(Collected data)
▼▼▼
(* The Cesàro operator $\mathcal C: VH(\mathbb D)\to VH(\mathbb D)$ is not compact, i.e. there is no $0$-neighbourhood $U$ in $VH(\mathbb D)$ such that $\mathcal C(U)$ is relatively compact in $VH(\mathbb D)$.
   Context: $\mathbb D$ is the open unit disc. Define $v(z)=1$ if $|z|\le 1-1/e$ and $v(z)=(-\log(1-|z|))^{-1}$ if $1-1/e\le|z|<1$, $v_k=v^k$, $H^\infty_{v_k}=\{f \text{ analytic on }\mathbb D:\sup_{z\in\mathbb D}v_k(z)|f(z)|<\infty\}$ normed by this sup, and $VH(\mathbb D)=\bigcup_kH^\infty_{v_k}$ with the finest locally convex topology making all inclusions continuous. The Cesàro operator is $\mathcal C f(z)=\frac1z\int_0^z\frac{f(\zeta)}{1-\zeta}\,d\zeta$ for $z\neq0$, $\mathcal Cf(0)=f(0)$. *)

From Stdlib Require Import Reals.
From Coquelicot Require Import Coquelicot.
Open Scope R_scope.

Definition inD (z : C) : Prop := Cmod z < 1.

Definition v (z : C) : R :=
  if Rle_dec (Cmod z) (1 - / exp 1) then 1 else / (- ln (1 - Cmod z)).
Definition vk (k : nat) (z : C) : R := (v z) ^ k.

Definition analytic_D (f : C -> C) : Prop :=
  forall z, inD z -> @ex_derive C_AbsRing C_NormedModule f z.

Definition in_Hvk (k : nat) (f : C -> C) : Prop :=
  analytic_D f /\ exists M : R, forall z, inD z -> vk k z * Cmod (f z) <= M.

Definition norm_le (k : nat) (f : C -> C) (r : R) : Prop :=
  forall z, inD z -> vk k z * Cmod (f z) <= r.

Definition in_VH (f : C -> C) : Prop := exists k, in_Hvk k f.

Definition fadd (f g : C -> C) : C -> C := fun z => (f z + g z)%C.
Definition fscal (a : C) (f : C -> C) : C -> C := fun z => (a * f z)%C.

Definition absconvex (A : (C -> C) -> Prop) : Prop :=
  forall f g a b, A f -> A g -> Cmod a + Cmod b <= 1 -> A (fadd (fscal a f) (fscal b g)).

(** 0-neighbourhoods of the inductive limit topology (finest locally convex
    topology making all inclusions H^infty_{v_k} -> VH continuous):
    U contains an absolutely convex subset A of VH whose trace on every
    H^infty_{v_k} contains a ball of that Banach space. *)
Definition zero_nbhd (U : (C -> C) -> Prop) : Prop :=
  (forall f, U f -> in_VH f) /\
  exists A : (C -> C) -> Prop,
    (forall f, A f -> U f) /\ (forall f, A f -> in_VH f) /\ absconvex A /\
    forall k, exists eps, 0 < eps /\
      forall f, in_Hvk k f -> norm_le k f eps -> A f.

Definition VH_open (W : (C -> C) -> Prop) : Prop :=
  (forall f, W f -> in_VH f) /\
  forall f, W f -> exists U, zero_nbhd U /\ forall g, U g -> W (fadd f g).

Definition VH_closure (S : (C -> C) -> Prop) : (C -> C) -> Prop :=
  fun f => in_VH f /\
    forall W, VH_open W -> W f -> exists g, W g /\ S g.

Definition VH_compact (K : (C -> C) -> Prop) : Prop :=
  (forall f, K f -> in_VH f) /\
  forall (I : Type) (O : I -> (C -> C) -> Prop),
    (forall i, VH_open (O i)) ->
    (forall f, K f -> exists i, O i f) ->
    exists l : list I, forall f, K f -> exists i, List.In i l /\ O i f.

Definition VH_rel_compact (S : (C -> C) -> Prop) : Prop :=
  (forall f, S f -> in_VH f) /\ VH_compact (VH_closure S).

(** The Cesaro operator: Cf(z) = (1/z) int_0^z f(w)/(1-w) dw, written via the
    parametrisation w = t z, t in [0,1]; this gives Cf(0) = f(0). *)
Definition cesaro (f : C -> C) : C -> C :=
  fun z => RInt (V := C_R_CompleteNormedModule)
             (fun t : R => f (RtoC t * z) / (1 - RtoC t * z))%C 0 1.

Definition image (T : (C -> C) -> (C -> C)) (U : (C -> C) -> Prop) : (C -> C) -> Prop :=
  fun g => exists f, U f /\ g = T f.

From Stdlib Require Import Reals Lra Lia List Factorial FunctionalExtensionality IndefiniteDescription.
From Coquelicot Require Import Coquelicot.
Open Scope R_scope.

(* Suppose [U] is a 0-neighbourhood with [cesaro U] relatively compact; [U] contains a
   ball of radius [eps k] of every [H^infty_{v_k}].  The test functions
   [c (1 - z) / (1 - r z)^2] with [r = 1 - exp (- L)] have [v_j]-norm [eps j] but
   satisfy [v_j(r) |C f (r)| >= kappa j * eps j] with [kappa j] independent of [L],
   because [C f (r) = c / (1 - r^2)].  Placing them at points [x_j] with [v (x_j)]
   tending to 0 fast enough, the seminorm [g |-> sup_j a_j |g (x_j)|],
   [a_j = j v_j(x_j) / (kappa j * eps j)], is bounded on every [H^infty_{v_k}], hence
   continuous on [VH(D)], hence bounded on compact sets; yet it is at least [j] at
   [C f_j]. *)

(** * The weights *)

Lemma v_pos_le1 z : inD z -> 0 < v z <= 1.
Proof.
  unfold inD, v; intros Hz.
  destruct (Rle_dec (Cmod z) (1 - / exp 1)) as [_ | Hfar]; [lra |].
  assert (Hinv_e : / exp 1 = exp (- 1)) by (rewrite <- exp_Ropp; f_equal; ring).
  assert (Hln : ln (1 - Cmod z) < -1).
  { rewrite <- (ln_exp (- 1)); apply ln_increasing; lra. }
  split; [apply Rinv_0_lt_compat; lra |].
  replace 1 with (/ 1) at 2 by apply Rinv_1.
  apply Rinv_le_contravar; lra.
Qed.

Lemma vk_pos_le1 k z : inD z -> 0 < vk k z <= 1.
Proof.
  intros Hz; destruct (v_pos_le1 z Hz); unfold vk; split.
  - now apply pow_lt.
  - rewrite <- (pow1 k); apply pow_incr; lra.
Qed.

Lemma vk_antitone k1 k2 z : (k1 <= k2)%nat -> inD z -> vk k2 z <= vk k1 z.
Proof.
  intros Hk Hz; destruct (v_pos_le1 z Hz); unfold vk.
  replace k2 with (k1 + (k2 - k1))%nat by lia; rewrite pow_add.
  assert (0 < v z ^ k1) by now apply pow_lt.
  assert (v z ^ (k2 - k1) <= 1) by (rewrite <- (pow1 (k2 - k1)); apply pow_incr; lra).
  nra.
Qed.

Lemma v_le_near_boundary L z :
  2 < L -> 1 - exp (- (L / 2)) < Cmod z < 1 -> v z <= 2 / L.
Proof.
  intros HL Hz; unfold v.
  assert (exp (- (L / 2)) < exp (- 1)) by (apply exp_increasing; lra).
  assert (Hinv_e : / exp 1 = exp (- 1)) by (rewrite <- exp_Ropp; f_equal; ring).
  destruct (Rle_dec (Cmod z) (1 - / exp 1)); [lra |].
  assert (ln (1 - Cmod z) < - (L / 2)).
  { rewrite <- (ln_exp (- (L / 2))); apply ln_increasing; lra. }
  replace (2 / L) with (/ (L / 2)) by (field; lra).
  apply Rlt_le, Rinv_lt_contravar; nra.
Qed.

Lemma v_one_sub_exp L : 1 < L -> v (RtoC (1 - exp (- L))) = / L.
Proof.
  intros HL; unfold v.
  assert (0 < exp (- L)) by apply exp_pos.
  assert (exp (- L) < exp (- 1)) by (apply exp_increasing; lra).
  assert (Hinv_e : / exp 1 = exp (- 1)) by (rewrite <- exp_Ropp; f_equal; ring).
  assert (exp (- 1) < 1) by (rewrite <- exp_0; apply exp_increasing; lra).
  rewrite Cmod_R, Rabs_pos_eq by lra.
  destruct (Rle_dec (1 - exp (- L)) (1 - / exp 1)); [lra |].
  replace (1 - (1 - exp (- L))) with (exp (- L)) by ring.
  rewrite ln_exp, Ropp_involutive; reflexivity.
Qed.

(** * Complex differentiability and the space VH *)

(* [analytic_D] is phrased in [C_NormedModule], whose uniform structure is the
   product one; the product and composition rules of Coquelicot live in
   [AbsRing_NormedModule C_AbsRing], so we differentiate there and transfer. *)
Definition ex_derive_C (f : C -> C) (z : C) : Prop :=
  @ex_derive C_AbsRing (AbsRing_NormedModule C_AbsRing) f z.

Lemma analytic_D_iff f : analytic_D f <-> forall z, inD z -> ex_derive_C f z.
Proof.
  split; intros Hf z Hz; destruct (Hf z Hz) as [l [[a b [M [HM Hab]]] Hlim]];
    exists l; (split; [split; [exact a | exact b | exists M; split; assumption] |]);
    intros x Hx eps; exact (Hlim x Hx eps).
Qed.

Lemma ex_derive_C_const a z : ex_derive_C (fun _ => a) z.
Proof. exists zero; apply is_derive_const. Qed.

Lemma ex_derive_C_id z : ex_derive_C (fun t => t) z.
Proof. exists one; apply (@is_derive_id C_AbsRing). Qed.

Lemma ex_derive_C_plus f g z :
  ex_derive_C f z -> ex_derive_C g z -> ex_derive_C (fun t => f t + g t)%C z.
Proof. intros [a Ha] [b Hb]; exists (plus a b); exact (@is_derive_plus C_AbsRing (AbsRing_NormedModule C_AbsRing) f g z a b Ha Hb). Qed.

Lemma ex_derive_C_mult f g z :
  ex_derive_C f z -> ex_derive_C g z -> ex_derive_C (fun t => f t * g t)%C z.
Proof.
  intros [a Ha] [b Hb]; eexists.
  apply (@is_derive_mult C_AbsRing f g z a b Ha Hb); intros; apply Cmult_comm.
Qed.

Lemma ex_derive_C_opp f z : ex_derive_C f z -> ex_derive_C (fun t => - f t)%C z.
Proof.
  intros Hf; destruct (ex_derive_C_mult _ f z (ex_derive_C_const (-1) z) Hf) as [l Hl].
  exists l; eapply is_derive_ext; [| exact Hl]; intros t; simpl; ring.
Qed.

Lemma is_derive_Cinv (w : C) : w <> 0%C ->
  @is_derive C_AbsRing (AbsRing_NormedModule C_AbsRing) Cinv w (- / (w * w))%C.
Proof.
  intros Hw.
  assert (Hw0 : 0 < Cmod w) by now apply Cmod_gt_0.
  split; [apply is_linear_scal_l |].
  intros x Hx.
  apply (@is_filter_lim_locally_unique _ (AbsRing_NormedModule C_AbsRing)) in Hx; subst x.
  intros eps; apply (@locally_norm_le_locally _ (AbsRing_NormedModule C_AbsRing)).
  pose (delta := Rmin (Cmod w / 2) (eps * (Cmod w * Cmod w * Cmod w) / 2)).
  assert (Hdelta : 0 < delta).
  { apply Rmin_case; [lra |]. pose proof (cond_pos eps).
    apply Rmult_lt_0_compat; [| lra]. repeat apply Rmult_lt_0_compat; lra. }
  exists (mkposreal delta Hdelta); intros y Hy.
  change (Cmod (y - w) < delta) in Hy.
  change (Cmod ((/ y - / w) - (y - w) * (- / (w * w))) <= eps * Cmod (y - w)).
  set (d := Cmod (y - w)) in *.
  assert (Hd1 : d <= Cmod w / 2) by (apply Rlt_le, (Rlt_le_trans _ _ _ Hy), Rmin_l).
  assert (Hd2 : d <= eps * (Cmod w * Cmod w * Cmod w) / 2)
    by (apply Rlt_le, (Rlt_le_trans _ _ _ Hy), Rmin_r).
  assert (Hy0 : Cmod w / 2 <= Cmod y).
  { assert (Cmod w <= Cmod y + Cmod (w - y)).
    { replace w with (y + (w - y))%C at 1 by ring. apply Cmod_triangle. }
    replace (w - y)%C with (- (y - w))%C in H by ring; rewrite Cmod_opp in H; fold d in H; lra. }
  assert (Hy_nz : @eq C y 0 -> False) by (intro; subst y; rewrite Cmod_0 in Hy0; lra).
  replace ((/ y - / w) - (y - w) * (- / (w * w)))%C
    with ((y - w) * (y - w) * / (w * w * y))%C by (field; split; auto).
  rewrite Cmod_mult, Cmod_inv, !Cmod_mult by (repeat apply Cmult_neq_0; auto).
  fold d; assert (0 <= d) by apply Cmod_ge_0; pose proof (cond_pos eps).
  assert (Hww : 0 < Cmod w * Cmod w) by nra.
  apply (Rmult_le_reg_r (Cmod w * Cmod w * Cmod y)); [nra |].
  rewrite Rmult_assoc, Rinv_l by nra.
  assert (Cmod w * Cmod w * Cmod w / 2 <= Cmod w * Cmod w * Cmod y) by nra.
  assert (d <= eps * (Cmod w * Cmod w * Cmod y)) by nra.
  nra.
Qed.

Lemma ex_derive_C_inv f z :
  ex_derive_C f z -> f z <> 0%C -> ex_derive_C (fun t => / f t)%C z.
Proof. intros Hf Hz; apply ex_derive_comp; [eexists; now apply is_derive_Cinv | exact Hf]. Qed.

Lemma analytic_D_lin a b f g :
  analytic_D f -> analytic_D g -> analytic_D (fadd (fscal a f) (fscal b g)).
Proof.
  rewrite !analytic_D_iff; intros Hf Hg z Hz; unfold fadd, fscal.
  apply ex_derive_C_plus; apply ex_derive_C_mult; auto using ex_derive_C_const.
Qed.

Lemma Cmod_lin_le (a b u w : C) :
  Cmod (a * u + b * w) <= Cmod a * Cmod u + Cmod b * Cmod w.
Proof. rewrite <- !Cmod_mult; apply Cmod_triangle. Qed.

Lemma in_VH_lin a b f g : in_VH f -> in_VH g -> in_VH (fadd (fscal a f) (fscal b g)).
Proof.
  intros [k1 [Af [M1 HM1]]] [k2 [Ag [M2 HM2]]].
  set (k := Nat.max k1 k2).
  exists k; split; [now apply analytic_D_lin |].
  exists (Cmod a * M1 + Cmod b * M2); intros z Hz; unfold fadd, fscal.
  pose proof (vk_antitone k1 k z ltac:(lia) Hz); pose proof (vk_antitone k2 k z ltac:(lia) Hz).
  pose proof (vk_pos_le1 k z Hz); specialize (HM1 z Hz); specialize (HM2 z Hz).
  pose proof (Cmod_ge_0 a); pose proof (Cmod_ge_0 b).
  pose proof (Cmod_ge_0 (f z)); pose proof (Cmod_ge_0 (g z)).
  assert (vk k z * Cmod (f z) <= M1) by nra.
  assert (vk k z * Cmod (g z) <= M2) by nra.
  pose proof (Cmod_lin_le a b (f z) (g z)).
  nra.
Qed.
▲▲▲
The lines above from the one with "fun z => RInt" through the one with "(** * The weights *)" are to be duplicated exactly, ends included, with nothing added.

  fun z => RInt (V := C_R_CompleteNormedModule)
             (fun t : R => f (RtoC t * z) / (1 - RtoC t * z))%C 0 1.

Definition image (T : (C -> C) -> (C -> C)) (U : (C -> C) -> Prop) : (C -> C) -> Prop :=
  fun g => exists f, U f /\ g = T f.

From Stdlib Require Import Reals Lra Lia List Factorial FunctionalExtensionality IndefiniteDescription.
From Coquelicot Require Import Coquelicot.
Open Scope R_scope.

(* Suppose [U] is a 0-neighbourhood with [cesaro U] relatively compact; [U] contains a
   ball of radius [eps k] of every [H^infty_{v_k}].  The test functions
   [c (1 - z) / (1 - r z)^2] with [r = 1 - exp (- L)] have [v_j]-norm [eps j] but
   satisfy [v_j(r) |C f (r)| >= kappa j * eps j] with [kappa j] independent of [L],
   because [C f (r) = c / (1 - r^2)].  Placing them at points [x_j] with [v (x_j)]
   tending to 0 fast enough, the seminorm [g |-> sup_j a_j |g (x_j)|],
   [a_j = j v_j(x_j) / (kappa j * eps j)], is bounded on every [H^infty_{v_k}], hence
   continuous on [VH(D)], hence bounded on compact sets; yet it is at least [j] at
   [C f_j]. *)

(** * The weights *)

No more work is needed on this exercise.